Understanding Diagonalization and Eigenvalues in Matrix Transformations

[mathsciguy]

Let's say I have a matrix M such that for vectors R and r in xy-coordinate system:
$$R=Mr$$
Suppose we diagonalized it so that there is another matrix D such that for vectors R' (which is also R) and r' (which is also r) in x'y'-coordinate system:
$$R'=Dr'$$

D is a matrix with zero elements except for its main diagonal, also, these elements are the eigenvalues of matrix M. The order of these values in the diagonal are supposed to be arbitrary, as what my textbook says.

Let's look at the case of 2D vectors and in which the eigenvalues are perpendicular to each other (thus there is rotation of the original xy axes to x'y' axes by some value $\theta$), let's say the matrix D operates on r' such that the components of r' transforms to R' in a way that:
$$X'=x'\ and\ Y'=6y'$$

Hence M acts on vectors such that it 'streches' them to the direction of y'.

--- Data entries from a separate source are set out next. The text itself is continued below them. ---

(* Write D_j for the denominator, Q m k := 1/(D_m ... D_(m+k)),
   a_m := q^(-m(m-1)) y^m and c_k := q^k [k]! x^k.  Since
   q^(k+1) D_m - D_(m+k+1) = [k+1] x (q^(2m+k+2) - y), the products satisfy
   Q (m+1) k - q^(-k-1) Q m k = [k+1] q^(-k-1) x (q^(2m+k+2) - y) Q m (k+1),
   and summation by parts over m turns
   V_k := sum_m c_k y^k (a_m - q^(-k-1) a_(m+1)) Q m k
   into c_k y^k Q 0 k + V_(k+1).  As V_k = O(x^k), iterating gives
   V_0 = sum_k c_k y^k Q 0 k: the k-th term is the k-th summand on the left,
   the m-th term of V_0 is the m-th summand on the right, and the two terms
   k = 0 and m = 0 account for -y/(q(1-x)).  All sums are truncated: the
   remainder after n steps is O(y^n), so each coefficient is a finite sum. *)

Lemma big_ord_triangle (V : nmodType) (F : nat -> nat -> V) a :
  \sum_(i < a.+1) \sum_(j < i.+1) F j i =
  \sum_(j < a.+1) \sum_(k < (a - j).+1) F j (j + k)%N.
Proof.
elim: a => [|a IH]; first by rewrite !big_ord1.
rewrite big_ord_recr /= IH [RHS]big_ord_recr /= subnn big_ord1 addn0.
rewrite [\sum_(j < a.+2) F j a.+1]big_ord_recr /= addrA -big_split /=.
congr (_ + _); apply: eq_bigr => j _.
have ja : (j <= a)%N by rewrite -ltnS.
by rewrite subSn // [RHS]big_ord_recr /= addnS subnKC.
Qed.

Lemma big_ord_vanishing_widen (V : nmodType) (F : nat -> V) n m :
  (n <= m)%N -> (forall k, (n <= k)%N -> F k = 0) ->
  \sum_(k < m) F k = \sum_(k < n) F k.
Proof.
move=> le_nm F0; rewrite -(subnKC le_nm) big_split_ord /=.
by rewrite [X in _ + X]big1 ?addr0 // => k _; rewrite F0 ?leq_addr.
Qed.

Lemma big_ord_summation_by_parts (S : comPzRingType) (a g : nat -> S) (l : S) n :
  \sum_(m < n.+1) (a m - l * a m.+1) * g m =
  a 0%N * g 0%N + \sum_(m < n) a m.+1 * (g m.+1 - l * g m) - l * a n.+1 * g n.
Proof.
elim: n => [|n IH]; first by rewrite big_ord1 big_ord0; ring.
by rewrite big_ord_recr /= IH [\sum_(m < n.+1) _]big_ord_recr /=; ring.
Qed.

Section PowerSeriesRing.
Variable R : comUnitRingType.
Implicit Types f g h : ps R.

(* boolp provides classical eqType and choiceType structures on any type. *)
HB.instance Definition _ := Choice.on (ps R).

Lemma psP f g : (forall a b, f a b = g a b) -> f = g.
Proof. by move=> fg; do 2![apply: funext => ?]. Qed.

Fact psmulA : associative (@psmul R).
Proof.
move=> f g h; apply: psP => a b; rewrite /psmul; symmetry.
transitivity (\sum_(i < a.+1) \sum_(i1 < i.+1) \sum_(j < b.+1) \sum_(j1 < j.+1)
   f i1 j1 * g (i - i1)%N (j - j1)%N * h (a - i)%N (b - j)%N).
  apply: eq_bigr => i _; under eq_bigr do rewrite mulr_suml.
  by rewrite exchange_big; apply: eq_bigr => i1 _; under eq_bigr do rewrite mulr_suml.
rewrite (big_ord_triangle (fun i1 i => \sum_(j < b.+1) \sum_(j1 < j.+1)
   f i1 j1 * g (i - i1)%N (j - j1)%N * h (a - i)%N (b - j)%N)).
apply: eq_bigr => i1 _; under [RHS]eq_bigr do rewrite mulr_sumr.
rewrite [RHS]exchange_big; apply: eq_bigr => k _.
rewrite (big_ord_triangle (fun j1 j =>
   f i1 j1 * g (i1 + k - i1)%N (j - j1)%N * h (a - (i1 + k))%N (b - j)%N)).
apply: eq_bigr => j1 _.
by rewrite mulr_sumr; apply: eq_bigr => l _; rewrite mulrA !addKn !subnDA.
Qed.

My question is, I am told that the choice of the order of the eigenvalues in a diagonalized matrix is arbitrary, and thus the choice of which of the eigenvectors corresponds to x' and y' axes are also arbitrary. Are we supposed to just examine the behavior of the vectors in the xy-coordinate system so that we'd know which of the eigenvectors would be parallel to x' or y'? For this example would the vectors' component along the angle $\theta$ degrees be the one multiplied by 6 or is it along the one along the direction $\theta + \frac{\Pi}{2}$ from the x-axis?

 

[lurflurf]

Are the vector spaces real? Have you learned about change of basis? Keep in mind not all matrices can be diagonalized. The idea is we can chose our basis, and a diagonal basis (when available) is convenient. The information about how the coordinates are related is in the change of base matrix. If S is the change of basis matrix (in this case made of eigenvectors) x'=Sx (some books use the transpose matrix). So S tells us what you ask, and we often find S at the same time we find D. If we should forget S, find D without finding S, or be given D without S we can either find S or find out what we want to know about S. As you alluded to we can apply M or D to a basis to see what the corresponding basis is.

 

[mathsciguy]

Hm, yes, if I understood the question correctly, then yes I am working with matrices and vectors restricted to reals. About change of basis, I'm not quite sure about that, I have learned how to make orthonormal basis vectors out of linearly independent vectors though (Gram-Schmidt method), that's the only thing remotely related that I can think of. I am also aware that not all matrices can be diagonalized.

I am not exactly that familiar about linear algebra. I'm more like a newb, also as much as I hate it, I am only learning from a math methods textbook so I can't enjoy the proofs and some abstractions. So I guess, the explanation was a bit hand wavy to me.